Problem to work on
The word to look for is "Definition". Report every line of the entries below that has it.
####
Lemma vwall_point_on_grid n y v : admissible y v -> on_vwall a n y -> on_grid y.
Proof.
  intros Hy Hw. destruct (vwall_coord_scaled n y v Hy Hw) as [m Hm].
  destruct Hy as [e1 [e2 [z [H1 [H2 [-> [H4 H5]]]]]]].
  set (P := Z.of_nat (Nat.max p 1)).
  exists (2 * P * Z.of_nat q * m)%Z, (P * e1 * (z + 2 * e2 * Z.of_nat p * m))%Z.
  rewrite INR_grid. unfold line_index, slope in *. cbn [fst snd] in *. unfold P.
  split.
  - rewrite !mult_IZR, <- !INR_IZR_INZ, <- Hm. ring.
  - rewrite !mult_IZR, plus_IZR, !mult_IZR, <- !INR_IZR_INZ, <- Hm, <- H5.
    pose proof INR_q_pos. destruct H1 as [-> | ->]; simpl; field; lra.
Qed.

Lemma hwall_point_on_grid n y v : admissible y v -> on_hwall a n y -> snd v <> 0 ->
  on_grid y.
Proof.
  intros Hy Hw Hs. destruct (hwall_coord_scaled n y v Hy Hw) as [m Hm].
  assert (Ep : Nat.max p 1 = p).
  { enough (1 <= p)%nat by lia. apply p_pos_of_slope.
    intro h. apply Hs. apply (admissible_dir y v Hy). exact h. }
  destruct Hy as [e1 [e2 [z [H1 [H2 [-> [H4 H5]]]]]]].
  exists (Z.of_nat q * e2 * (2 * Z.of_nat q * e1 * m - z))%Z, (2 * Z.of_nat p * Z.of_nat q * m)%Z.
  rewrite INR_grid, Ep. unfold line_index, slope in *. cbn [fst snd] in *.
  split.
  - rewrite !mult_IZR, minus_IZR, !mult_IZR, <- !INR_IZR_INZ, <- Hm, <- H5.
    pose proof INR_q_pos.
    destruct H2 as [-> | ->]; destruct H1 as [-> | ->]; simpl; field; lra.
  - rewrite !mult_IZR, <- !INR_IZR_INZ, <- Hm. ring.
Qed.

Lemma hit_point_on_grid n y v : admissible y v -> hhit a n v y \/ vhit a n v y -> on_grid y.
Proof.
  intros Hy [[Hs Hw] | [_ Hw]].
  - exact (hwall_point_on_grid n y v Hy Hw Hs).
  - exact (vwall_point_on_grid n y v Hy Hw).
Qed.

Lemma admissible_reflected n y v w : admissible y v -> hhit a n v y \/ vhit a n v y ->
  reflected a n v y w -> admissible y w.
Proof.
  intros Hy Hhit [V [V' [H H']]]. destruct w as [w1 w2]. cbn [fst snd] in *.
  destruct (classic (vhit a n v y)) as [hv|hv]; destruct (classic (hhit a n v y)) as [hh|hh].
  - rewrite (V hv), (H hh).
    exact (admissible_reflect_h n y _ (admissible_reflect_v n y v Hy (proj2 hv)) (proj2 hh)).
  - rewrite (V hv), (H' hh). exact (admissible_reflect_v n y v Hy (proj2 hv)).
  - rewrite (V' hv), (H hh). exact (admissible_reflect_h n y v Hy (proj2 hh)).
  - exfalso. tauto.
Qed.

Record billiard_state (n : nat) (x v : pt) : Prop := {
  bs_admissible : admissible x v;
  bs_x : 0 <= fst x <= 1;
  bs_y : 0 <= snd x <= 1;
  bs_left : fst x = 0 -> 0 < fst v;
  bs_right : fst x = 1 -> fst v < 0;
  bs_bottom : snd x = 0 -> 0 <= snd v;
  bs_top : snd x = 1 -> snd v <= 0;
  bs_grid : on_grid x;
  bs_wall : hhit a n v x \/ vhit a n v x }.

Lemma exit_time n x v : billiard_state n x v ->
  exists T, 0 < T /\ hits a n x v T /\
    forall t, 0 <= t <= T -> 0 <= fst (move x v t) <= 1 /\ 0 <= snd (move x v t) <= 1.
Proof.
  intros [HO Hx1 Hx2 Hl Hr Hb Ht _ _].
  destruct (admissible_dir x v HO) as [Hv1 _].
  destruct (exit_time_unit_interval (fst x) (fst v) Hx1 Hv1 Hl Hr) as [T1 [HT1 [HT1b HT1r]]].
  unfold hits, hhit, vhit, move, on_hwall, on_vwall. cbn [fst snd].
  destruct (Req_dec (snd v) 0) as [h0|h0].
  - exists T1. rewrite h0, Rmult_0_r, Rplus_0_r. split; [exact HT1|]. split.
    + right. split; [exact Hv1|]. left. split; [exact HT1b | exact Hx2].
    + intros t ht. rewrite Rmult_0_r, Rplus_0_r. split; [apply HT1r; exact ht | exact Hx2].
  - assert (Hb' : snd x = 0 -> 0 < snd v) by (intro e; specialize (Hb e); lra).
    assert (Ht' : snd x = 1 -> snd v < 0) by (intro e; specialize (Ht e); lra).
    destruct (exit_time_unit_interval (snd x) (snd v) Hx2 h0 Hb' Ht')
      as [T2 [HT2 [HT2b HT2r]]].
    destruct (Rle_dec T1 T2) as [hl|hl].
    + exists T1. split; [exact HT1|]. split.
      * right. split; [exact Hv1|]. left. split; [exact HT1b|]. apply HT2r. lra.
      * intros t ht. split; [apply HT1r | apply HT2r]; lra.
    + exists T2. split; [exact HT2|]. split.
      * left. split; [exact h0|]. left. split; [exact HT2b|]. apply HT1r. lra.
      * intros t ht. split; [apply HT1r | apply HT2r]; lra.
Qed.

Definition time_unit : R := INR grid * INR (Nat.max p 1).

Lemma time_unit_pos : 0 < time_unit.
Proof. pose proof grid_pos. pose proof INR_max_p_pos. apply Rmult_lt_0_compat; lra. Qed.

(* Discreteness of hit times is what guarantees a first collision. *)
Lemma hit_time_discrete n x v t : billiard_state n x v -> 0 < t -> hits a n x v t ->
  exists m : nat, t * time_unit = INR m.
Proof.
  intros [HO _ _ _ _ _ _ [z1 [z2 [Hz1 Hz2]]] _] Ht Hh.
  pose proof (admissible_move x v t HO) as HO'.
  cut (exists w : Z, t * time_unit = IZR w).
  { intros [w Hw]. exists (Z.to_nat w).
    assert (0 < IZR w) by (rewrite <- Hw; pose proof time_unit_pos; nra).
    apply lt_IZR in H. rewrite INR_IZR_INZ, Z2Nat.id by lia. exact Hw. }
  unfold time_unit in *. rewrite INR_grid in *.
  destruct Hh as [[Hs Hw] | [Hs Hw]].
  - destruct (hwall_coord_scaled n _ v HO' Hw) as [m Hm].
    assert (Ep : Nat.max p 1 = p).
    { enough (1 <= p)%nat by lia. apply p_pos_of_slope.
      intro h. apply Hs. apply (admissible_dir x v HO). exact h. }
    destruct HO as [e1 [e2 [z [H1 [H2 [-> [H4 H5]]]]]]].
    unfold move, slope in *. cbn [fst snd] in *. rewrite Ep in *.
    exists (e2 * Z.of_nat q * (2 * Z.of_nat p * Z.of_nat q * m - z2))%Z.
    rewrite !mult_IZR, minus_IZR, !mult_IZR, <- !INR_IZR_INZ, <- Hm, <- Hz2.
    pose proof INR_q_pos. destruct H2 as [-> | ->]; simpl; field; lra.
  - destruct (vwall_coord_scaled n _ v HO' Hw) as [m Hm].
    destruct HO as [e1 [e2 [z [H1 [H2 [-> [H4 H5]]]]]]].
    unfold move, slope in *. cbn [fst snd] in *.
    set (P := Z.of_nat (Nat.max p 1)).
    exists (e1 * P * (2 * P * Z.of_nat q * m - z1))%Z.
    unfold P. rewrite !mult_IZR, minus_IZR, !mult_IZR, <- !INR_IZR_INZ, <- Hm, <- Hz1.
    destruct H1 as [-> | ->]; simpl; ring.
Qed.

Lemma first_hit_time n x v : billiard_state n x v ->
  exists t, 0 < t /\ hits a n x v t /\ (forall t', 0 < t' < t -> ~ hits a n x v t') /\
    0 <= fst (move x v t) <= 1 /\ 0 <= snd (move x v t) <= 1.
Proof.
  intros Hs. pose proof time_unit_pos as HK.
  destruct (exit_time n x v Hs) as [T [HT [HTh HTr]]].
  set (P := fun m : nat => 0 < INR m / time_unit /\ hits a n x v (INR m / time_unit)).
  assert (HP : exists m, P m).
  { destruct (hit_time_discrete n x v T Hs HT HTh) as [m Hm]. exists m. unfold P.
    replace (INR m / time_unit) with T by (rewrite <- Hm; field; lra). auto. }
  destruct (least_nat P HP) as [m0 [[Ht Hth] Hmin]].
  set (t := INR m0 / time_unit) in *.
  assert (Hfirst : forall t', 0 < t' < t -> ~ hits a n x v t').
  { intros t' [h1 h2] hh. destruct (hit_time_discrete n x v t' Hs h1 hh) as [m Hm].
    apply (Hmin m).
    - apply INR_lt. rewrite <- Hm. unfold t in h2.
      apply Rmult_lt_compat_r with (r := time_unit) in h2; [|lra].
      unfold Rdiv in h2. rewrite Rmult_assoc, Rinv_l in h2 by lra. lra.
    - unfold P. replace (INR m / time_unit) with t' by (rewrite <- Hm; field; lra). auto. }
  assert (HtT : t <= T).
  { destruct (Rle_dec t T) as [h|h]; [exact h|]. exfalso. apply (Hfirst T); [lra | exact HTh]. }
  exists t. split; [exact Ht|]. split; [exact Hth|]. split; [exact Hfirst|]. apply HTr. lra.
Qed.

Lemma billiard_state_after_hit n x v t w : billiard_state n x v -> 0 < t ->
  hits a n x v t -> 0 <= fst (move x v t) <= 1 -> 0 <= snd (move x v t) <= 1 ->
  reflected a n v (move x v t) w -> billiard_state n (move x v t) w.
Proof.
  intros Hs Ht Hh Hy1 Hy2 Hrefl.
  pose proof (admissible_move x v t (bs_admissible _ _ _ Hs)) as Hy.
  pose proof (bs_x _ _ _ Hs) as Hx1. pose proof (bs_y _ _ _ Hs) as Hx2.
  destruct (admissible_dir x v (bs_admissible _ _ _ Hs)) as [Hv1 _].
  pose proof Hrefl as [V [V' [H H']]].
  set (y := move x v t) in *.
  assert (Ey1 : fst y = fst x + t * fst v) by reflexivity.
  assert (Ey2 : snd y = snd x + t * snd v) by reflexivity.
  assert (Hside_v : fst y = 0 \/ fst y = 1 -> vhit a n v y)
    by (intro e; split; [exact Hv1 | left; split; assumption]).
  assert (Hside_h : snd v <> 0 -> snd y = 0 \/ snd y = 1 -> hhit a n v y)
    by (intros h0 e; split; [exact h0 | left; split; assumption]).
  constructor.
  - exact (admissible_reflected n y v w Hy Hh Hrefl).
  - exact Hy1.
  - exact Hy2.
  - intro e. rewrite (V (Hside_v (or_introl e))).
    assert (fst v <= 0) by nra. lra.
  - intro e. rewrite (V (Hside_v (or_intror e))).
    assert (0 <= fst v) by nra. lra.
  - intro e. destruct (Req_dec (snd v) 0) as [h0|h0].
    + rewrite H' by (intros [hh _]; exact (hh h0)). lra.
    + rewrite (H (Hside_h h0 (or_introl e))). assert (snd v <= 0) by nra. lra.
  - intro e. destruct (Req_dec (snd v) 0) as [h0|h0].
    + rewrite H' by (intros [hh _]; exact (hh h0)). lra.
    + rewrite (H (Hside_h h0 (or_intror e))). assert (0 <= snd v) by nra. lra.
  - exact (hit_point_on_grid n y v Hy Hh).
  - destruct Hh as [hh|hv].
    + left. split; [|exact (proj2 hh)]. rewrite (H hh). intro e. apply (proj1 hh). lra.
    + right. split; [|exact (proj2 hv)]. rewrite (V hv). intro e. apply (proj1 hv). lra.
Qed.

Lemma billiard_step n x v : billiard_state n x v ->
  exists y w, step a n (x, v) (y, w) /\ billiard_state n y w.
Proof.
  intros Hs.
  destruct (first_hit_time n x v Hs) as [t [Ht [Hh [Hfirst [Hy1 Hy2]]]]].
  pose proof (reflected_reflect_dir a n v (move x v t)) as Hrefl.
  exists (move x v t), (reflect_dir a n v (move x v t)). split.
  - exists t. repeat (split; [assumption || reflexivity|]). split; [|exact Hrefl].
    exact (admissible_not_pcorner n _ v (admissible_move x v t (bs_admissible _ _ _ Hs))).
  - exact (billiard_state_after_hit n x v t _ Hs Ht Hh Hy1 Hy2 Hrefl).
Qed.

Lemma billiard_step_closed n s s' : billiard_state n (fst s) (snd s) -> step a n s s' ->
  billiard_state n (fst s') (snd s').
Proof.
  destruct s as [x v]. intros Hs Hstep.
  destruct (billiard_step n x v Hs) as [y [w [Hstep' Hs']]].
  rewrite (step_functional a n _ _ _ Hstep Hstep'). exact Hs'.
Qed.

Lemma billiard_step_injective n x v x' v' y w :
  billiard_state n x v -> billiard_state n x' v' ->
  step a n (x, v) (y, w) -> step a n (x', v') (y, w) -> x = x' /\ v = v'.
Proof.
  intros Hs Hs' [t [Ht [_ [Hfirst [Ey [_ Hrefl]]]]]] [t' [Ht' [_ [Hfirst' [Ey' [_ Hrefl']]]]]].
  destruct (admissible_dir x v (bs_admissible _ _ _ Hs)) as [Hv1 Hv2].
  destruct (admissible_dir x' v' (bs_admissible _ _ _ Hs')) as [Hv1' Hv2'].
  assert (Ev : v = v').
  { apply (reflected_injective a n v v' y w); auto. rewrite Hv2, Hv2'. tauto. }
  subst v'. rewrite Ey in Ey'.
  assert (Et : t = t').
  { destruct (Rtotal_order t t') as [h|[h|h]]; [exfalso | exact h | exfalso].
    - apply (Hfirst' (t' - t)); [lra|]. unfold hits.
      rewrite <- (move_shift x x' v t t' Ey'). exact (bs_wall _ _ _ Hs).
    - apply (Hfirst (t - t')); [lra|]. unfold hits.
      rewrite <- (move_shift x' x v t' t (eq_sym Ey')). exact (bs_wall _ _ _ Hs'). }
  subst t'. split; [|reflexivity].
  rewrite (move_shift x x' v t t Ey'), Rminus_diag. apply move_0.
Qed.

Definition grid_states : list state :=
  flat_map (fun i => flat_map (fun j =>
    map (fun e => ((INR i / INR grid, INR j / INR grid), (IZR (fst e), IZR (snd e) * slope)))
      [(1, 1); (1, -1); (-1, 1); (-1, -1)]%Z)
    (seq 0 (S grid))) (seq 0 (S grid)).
####
Answer section
Definition time_unit : R := INR grid * INR (Nat.max p 1).
Definition grid_states : list state :=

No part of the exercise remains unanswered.